James Franco’s Harry Osborn is another absurd highlight.  In the beginning, he uses his dad’s super green soldier mist treatment to become new Green Goblin and tries to kill Peter.  At the end of the fight, Harry gets conked on the head and wakes up with amnesia, conveniently forgetting that he wants to kill Peter, and also somehow forgetting the Green Goblin juice make you psychotic.  No worries, they are best buds again!  A little bit later, his memories return and it’s back to wanting to destroy Peter.  But friendship eventually wins out.  They reconcile when Mary Jane is kidnapped by Venom and Sandman.   Best buds again!  Harry even overlooks the fact that symbiont fueled jerk Peter blew half his face off in their last fight.  Bygones.  It’s so ridiculous, but I love Franco’s performance.  He ping pongs between evil genius and stoner moron through the whole movie.  It’s a Gollum/Smeagol type deal.  Tricksy spider.


Speaking of LORD OF THE RINGS, this movie is the RETURN OF THE KING of touching death soliloquies.  Just when I thought it was done, bam, there’s another one.  No one can kick it without a speech.  Don’t want to drop any [spoilers], but the Osborn family should really lay off the bladed gliders from now on.

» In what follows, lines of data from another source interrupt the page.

(* For a positive integer $n$ and $1\le k\le n+1$, say that $k$ is reconstructing (resp. directed-reconstructing) for $n$ if any two permutations of $[n]\cup\{0,n+1\}$ having the same $k$-profile (resp. the same directed $k$-profile) are equal, i.e. every $k$-profile (resp. directed $k$-profile) is the $k$-profile of at most one permutation. Let $k_u(n)$ (resp. $k_d(n)$) be the minimum reconstructing (resp. directed-reconstructing) $k$. Then: (a) $k_u(n)=\max\{1,n-3\}$; (b) $k_d(n)\ge \lceil (n-3)/2\rceil$ for $n\ge 4$, and $k_d(n)=1$ for $n=1,2,3$.
   Context: $[n]=\{1,\dots,n\}$. Permutations are of $[n]\cup\{0,n+1\}$, always with $0$ at the leftmost position and $n+1$ at the rightmost position. For a permutation $P$ and elements $t<t+i$, let $\min_{t,t+i}$ and $\max_{t,t+i}$ be the minimum and maximum of the elements located on $P$ in the interval delimited by the element $t$ (included) and the element $t+i$ (included). The $k$-profile of $P$ ($1\le k\le n+1$) is the set of constraints $\{(t,t+i,[\min_{t,t+i},\max_{t,t+i}]) : 1\le i\le k,\ 0\le t\le n+1-i\}$ (no information on which of $t$, $t+i$ is to the left). The directed $k$-profile of $P$ consists of the same constraints together with, for each such pair, the information whether $t$ is to the left or to the right of $t+i$ in $P$. *)

From mathcomp Require Import all_boot all_order all_fingroup.
Unset Printing Implicit Defensive.

(* A permutation of [n] ∪ {0, n+1} is P : 'S_(n.+2), read as
   position p ↦ element (val (P p)); positions are 0..n+1 left to right. *)

Definition valid_perm n (P : 'S_(n.+2)) : Prop :=
  P ord0 = ord0 /\ P ord_max = ord_max.

Definition posn n (P : 'S_(n.+2)) (x : nat) : nat :=
  val ((P^-1)%g (inord x : 'I_(n.+2))).

Definition imin n (P : 'S_(n.+2)) (t u : nat) : nat :=
  \big[minn/n.+1]_(p < n.+2 | minn (posn n P t) (posn n P u) <= p <= maxn (posn n P t) (posn n P u))
     val (P p).
Definition imax n (P : 'S_(n.+2)) (t u : nat) : nat :=
  \max_(p < n.+2 | minn (posn n P t) (posn n P u) <= p <= maxn (posn n P t) (posn n P u))
     val (P p).

Definition same_profile n k (P Q : 'S_(n.+2)) : Prop :=
  forall i t, 1 <= i <= k -> t + i <= n.+1 ->
    imin n P t (t + i) = imin n Q t (t + i) /\ imax n P t (t + i) = imax n Q t (t + i).
Lemma lebesgue_measure_itvcc (a b : R) : a <= b ->
  lebesgue_measure `[a, b] = (b - a)%:E.
Proof.
move=> ab; rewrite lebesgue_measure_itv /= lte_fin -EFinD.
case: ltP => // ba; have -> : a = b by apply/le_anti; rewrite ab ba.
by rewrite subrr.
Qed.

(* Windows of radius [4 del] around the zeros of [cos (_ - phi)] in [0, 2 pi],
   for [phi] in [-pi, pi]. *)
Definition perp_band phi del : set R :=
  let I x := [set` `[x - 4 * del, x + 4 * del]] in
  (I (phi - pi / 2) `|` I (phi + pi / 2)) `|`
  (I (phi + 3 * pi / 2) `|` I (phi + 5 * pi / 2)).

Lemma measurable_perp_band phi del : measurable (perp_band phi del).
Proof. by apply: measurableU; apply: measurableU; exact: measurable_itv. Qed.

Lemma lebesgue_perp_band_le phi del : 0 <= del ->
  (lebesgue_measure (perp_band phi del) <= (32 * del)%:E)%E.
Proof.
move=> del0.
have I8 x : lebesgue_measure `[x - 4 * del, x + 4 * del] = (8 * del)%:E.
  by rewrite lebesgue_measure_itvcc; [congr (_%:E); ring | lra].
have U2 (A B : set R) : (lebesgue_measure (A `|` B) <=
    lebesgue_measure A + lebesgue_measure B)%E by exact: outer_measureU2.
apply: le_trans (U2 _ _) _; apply: le_trans (leeD (U2 _ _) (U2 _ _)) _.
by rewrite !I8 -!EFinD lee_fin; lra.
Qed.

Lemma small_cos_perp_band phi del th : - pi <= phi <= pi ->
  0 <= th <= 2 * pi -> `|cos (th - phi)| <= del -> perp_band phi del th.
Proof.
move=> /andP[phi1 phi2] /andP[th1 th2] hc.
have thI : - pi <= th - phi <= 3 * pi by apply/andP; split; lra.
rewrite /perp_band /=.
by case: (small_cos_near_zero _ _ thI hc) => near;
  [left; left | left; right | right; left | right; right];
  move: near; rewrite /= in_itv /= ler_norml => /andP[h1 h2];
  apply/andP; split; lra.
Qed.

Lemma in_A_centers_far {n j k T c c'} :
  (forall th, lip_lt (Tth_minus_id T th) (4 ^- n)) -> in_A n j k T c c' ->
  (4 : R) ^ (- k - 1) <= 2 * pdist (square_center n c) (square_center n c').
Proof.
move=> hL [_ [_ [th0 /= [/andP[hy _] _]]]].
set a := - sin (rot_alpha R); set b := cos (rot_alpha R).
have ab : a ^+ 2 + b ^+ 2 = 1 by rewrite sqrrN addrC cos2Dsin2.
have roty_coord p : roty p = coord a b p by rewrite /roty /coord mulrN mulNr.
rewrite !roty_coord in hy.
have := coord_Tth_lipschitz (square_center n c) (square_center n c') (hL th0) ab.
have := @invr_expr4_le1 R n; have := pdist_ge0 (square_center n c) (square_center n c').
nra.
Qed.

Lemma overlap_le n T c c' th : lip_lt (Tth_minus_id T th) (4 ^- n) ->
  (overlap n T c c' th <= (4 * 4 ^- n)%:E)%E.
Proof.
move=> hL; set a := coord (cos th) (sin th) (Tth T th (square_center n c)).
have r0 : 0 <= (4 : R) ^- n by rewrite invr_ge0 exprn_ge0.
apply: (@le_trans _ _ (lebesgue_measure `[a - 2 * 4 ^- n, a + 2 * 4 ^- n])).
  apply: le_outer_measure => t [/(proj_Tth_square_near_center hL)].
  rewrite -/a ler_norml => /andP[h1 h2] _.
  by rewrite /= in_itv /=; apply/andP; split; lra.
by rewrite lebesgue_measure_itvcc ?lee_fin; lra.
Qed.
Lemma nested_intervals_meet (l r : nat -> R) :
  (forall n, l n <= l (S n)) -> (forall n, r (S n) <= r n) ->
  (forall n, l n <= r n) -> exists z, forall n, l n <= z <= r n.
Proof.
  intros Hl Hr Hlr.
  assert (Hmono : forall n m, (n <= m)%nat -> l n <= l m /\ r m <= r n).
  { intros n m Hnm; induction Hnm as [|m _ IH]; [lra|].
    specialize (Hl m); specialize (Hr m); lra. }
  assert (Hcross : forall n m, l n <= r m).
  { intros n m. pose proof (Hlr n); pose proof (Hlr m).
    destruct (Nat.le_ge_cases n m) as [Hnm|Hnm]; destruct (Hmono _ _ Hnm); lra. }
  destruct (completeness (fun z => exists n, z = l n)) as [z [Hub Hleast]].
  - exists (r O). intros _ [n ->]. apply Hcross.
  - exists (l O), O. reflexivity.
  - exists z. intro n. split.
    + apply Hub. now exists n.
    + apply Hleast. intros _ [m ->]. apply Hcross.
Qed.

Fixpoint iterate_intervals (G : nat -> R * R -> R * R) (n : nat) : R * R :=
  match n with O => (0, 1) | S k => G k (iterate_intervals G k) end.

Lemma closed_cover_contains_interval (E : nat -> I01 -> Prop) :
  (forall k, closed01 (E k)) -> (forall x, exists k, E k x) ->
  exists k l r, 0 <= l < r /\ r <= 1 /\
    forall x : I01, l <= proj1_sig x <= r -> E k x.
Proof.
  intros HE Hcov. apply NNPP; intro Hno.
  set (proper (I : R * R) := 0 <= fst I < snd I /\ snd I <= 1).
  set (shrinks k (I J : R * R) := fst I <= fst J < snd J /\ snd J <= snd I /\
    forall t : I01, fst J <= proj1_sig t <= snd J -> ~ E k t).
  assert (Hstep : forall kI : nat * (R * R), exists J,
    proper (snd kI) -> shrinks (fst kI) (snd kI) J).
  { intros [k I]; simpl. destruct (classic (proper I)) as [HI|HI]; [|exists I; tauto].
    assert (Hx : exists x : I01, fst I <= proj1_sig x <= snd I /\ ~ E k x).
    { apply NNPP; intro Hall. apply Hno. exists k, (fst I), (snd I).
      split; [apply HI|]. split; [apply HI|].
      intros x Hx. apply NNPP; intro NEx. apply Hall; eauto. }
    destruct Hx as [x [Hx NEx]].
    destruct (subinterval_avoiding_closed (E k) I x (HE k)) as [J HJ]; auto.
    - apply HI.
    - exists J; auto. }
  destruct (choice _ Hstep) as [G HG].
  set (I := iterate_intervals (fun k J => G (k, J))).
  assert (HI : forall n, proper (I n) /\ shrinks n (I n) (I (S n))).
  { induction n as [|n [IHp _]].
    - assert (H0 : proper (I O)) by (unfold I, proper; simpl; lra).
      split; [exact H0|]. exact (HG (O, I O) H0).
    - assert (Hp : proper (I (S n))).
      { change (I (S n)) with (G (n, I n)).
        destruct (HG (n, I n) IHp) as [H1 [H2 _]]. destruct IHp as [[H0 _] H3].
        simpl in *. split; [split|]; lra. }
      split; [exact Hp|]. exact (HG (S n, I (S n)) Hp). }
  destruct (nested_intervals_meet (fun n => fst (I n)) (fun n => snd (I n)))
    as [z Hz].
  - intro n. apply (HI n).
  - intro n. apply (HI n).
  - intro n. destruct (HI n) as [[? _] _]. lra.
  - assert (Hz01 : 0 <= z <= 1) by (specialize (Hz O); simpl in Hz; lra).
    destruct (Hcov (exist _ z Hz01)) as [k Hk].
    destruct (HI k) as [_ [_ [_ Hav]]].
    exact (Hav (exist _ z Hz01) (Hz (S k)) Hk).
Qed.

(** * An injective sequence with a pair of points in every interval *)

Definition rational_interval (n : nat) : R * R :=
  let (k, j) := Cantor.of_nat n in (INR j / INR (S k), INR (S j) / INR (S k)).

Lemma rational_interval_lt (n : nat) :
  fst (rational_interval n) < snd (rational_interval n).
Proof.
  unfold rational_interval; destruct (Cantor.of_nat n) as [k j]; cbn [fst snd].
  apply Rmult_lt_compat_r; [apply Rinv_0_lt_compat, lt_0_INR; lia|].
  apply lt_INR; lia.
Qed.

Lemma rational_interval_dense (l r : R) : 0 <= l < r ->
  exists n, l <= fst (rational_interval n) /\ snd (rational_interval n) <= r.
Proof.
  intros Hlr.
  destruct (archimed_cor1 ((r - l) / 2)) as [N [HN HN0]]; [lra|].
  set (s := INR N).
  assert (Hs : 0 < s) by (apply lt_0_INR; lia).
  assert (Hss : s * / s = 1) by (field; lra).
  assert (Hs' : 0 < / s) by (apply Rinv_0_lt_compat; lra).
  assert (Hgap : 2 < (r - l) * s).
  { assert (s * / s < s * ((r - l) / 2)) by (apply Rmult_lt_compat_l; [lra|exact HN]). lra. }
  destruct (archimed (l * s)) as [Hup1 Hup2].
  set (z := up (l * s)) in *.
  assert (Hz : (0 <= z)%Z) by (apply le_IZR; nra).
  exists (Cantor.to_nat (pred N, Z.to_nat z)).
  unfold rational_interval. rewrite Cantor.cancel_of_to; cbn [fst snd].
  replace (S (pred N)) with N by lia. fold s.
  rewrite S_INR, INR_IZR_INZ, Z2Nat.id by exact Hz.
  unfold Rdiv. split; nra.
Qed.

Lemma exists_subinterval_avoiding (L : list R) (l r : R) : l < r ->
  exists l' r', l <= l' < r' /\ r' <= r /\ forall x, l' <= x <= r' -> ~ In x L.
Proof.
  revert l r; induction L as [|z L IH]; intros l r Hlr.
  - exists l, r. split; [lra|]. split; [lra|]. intros x _ [].
  - destruct (IH l r Hlr) as [l1 [r1 [H1 [H2 H3]]]].
    destruct (Rlt_le_dec z ((l1 + r1) / 2)).
    + exists ((l1 + r1) / 2), r1. split; [lra|]. split; [lra|].
      intros x Hx [E|E]; [lra|]. apply (H3 x); [lra|exact E].
    + exists l1, ((3 * l1 + r1) / 4). split; [lra|]. split; [lra|].
      intros x Hx [E|E]; [lra|]. apply (H3 x); [lra|exact E].
Qed.

Fixpoint prefix_values (pick : nat -> list R -> R) (n : nat) : list R :=
  match n with
  | O => nil
  | S k => pick k (prefix_values pick k) :: prefix_values pick k
  end.

Lemma exists_injective_selection (l r : nat -> R) :
  (forall n, l n < r n) ->
  exists s : nat -> R, (forall i j, s i = s j -> i = j) /\ forall n, l n <= s n <= r n.
Proof.
  intros Hlr.
  assert (Hpick : forall nL : nat * list R, exists x,
    l (fst nL) <= x <= r (fst nL) /\ ~ In x (snd nL)).
  { intros [n L]; simpl.
    destruct (exists_subinterval_avoiding L (l n) (r n) (Hlr n))
      as [l' [r' [H1 [H2 H3]]]].
    exists l'. split; [lra|]. apply H3; lra. }
  destruct (choice _ Hpick) as [pick Hpick'].
  set (P := prefix_values (fun n L => pick (n, L))).
  exists (fun n => pick (n, P n)).
  assert (Hin : forall n m, (m < n)%nat -> In (pick (m, P m)) (P n)).
  { induction n as [|n IH]; intros m Hm; [lia|].
    destruct (Nat.eq_dec m n) as [->|Hne]; [now left|].
    right. apply IH; lia. }
  split.
  - intros i j Eij.
    destruct (Nat.lt_total i j) as [Hij|[Hij|Hij]]; [exfalso| exact Hij |exfalso].
    + apply (proj2 (Hpick' (j, P j))). simpl. rewrite <- Eij. now apply Hin.
    + apply (proj2 (Hpick' (i, P i))). simpl. rewrite Eij. now apply Hin.
  - intro n. apply (Hpick' (n, P n)).
Qed.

My favorite part of the movie is, unsurprisingly, everyone else’s least favorite: the dance sequence.  Actually, the whole Jerk Peter section is fantastic.  After bad again Harry forces (?) Mary Jane to break up with Peter (not that she needed the excuse), he drowns his broken heart in the oily seductive embrace of the symbiont suit.  The alien boosts his confidence and lowers his self-awareness, turning him into the worst thing of all: a hipster.  He struts down the sidewalk to a funk soundtrack, snap pointing at all the ladies, totally oblivious as they roll their eyes.  He somehow manages to get a date with Gwen Stacy (Bryce Dallas Howard, who, it turns out, is not Jessica Chastain).  She also went out with Brock, so she’s clearly into jerks.  Peter takes her to the jazz club where Mary Jane is working as a singer/waitress.  Just before Mary Jane is about to sing, Peter upstages her by playing an impromptu ditty on the piano.  Then he launches into this elaborately flashy and acrobatic dance number, ending with him giving Stacy a sexy dip right in front of MJ.  It is at once stunningly goofy and horribly vicious.  In a weird way, it shows how nice a guy Peter really is.  The alien suit didn’t make him evil, it just made him a schmuck.  He even feels bad about it when he sees how badly he’s hurt both the women.


That scene was totally Rami.  It could have come right out of CRIMEWAVE.  We also get to see Raimi’s love of old-timey madcap comedies in the fantastic  Daily Bugle scene with J.J. Jameson (J.K. Simmons, in the role he was born to play) and Ted Raimi (Ted Raimi is always Ted Raimi).  It could seriously be a Marx Brothers routine.  I would love to see a Daily Bugle movie focused entirely on those guys.  And it can’t be a Sam Raimi SPIDER-MAN without a Bruce Campbell cameo.  It’s the best (and longest) one yet, perfectly casting him as a snooty and impatient French maĆ®tre d'. Again, I could watch a whole movie just about him trying to salvage disastrous romantic dinners.


This is one of those movies that I love more in pieces than as a whole.  Those pieces are pretty great, though.  So I tip my hat to Sam Raimi.  It might not be Spider-Man’s finest outing, but there are worse ways to spend two hours.  Watching THE AMAZING SPIDER-MAN 2, for instance.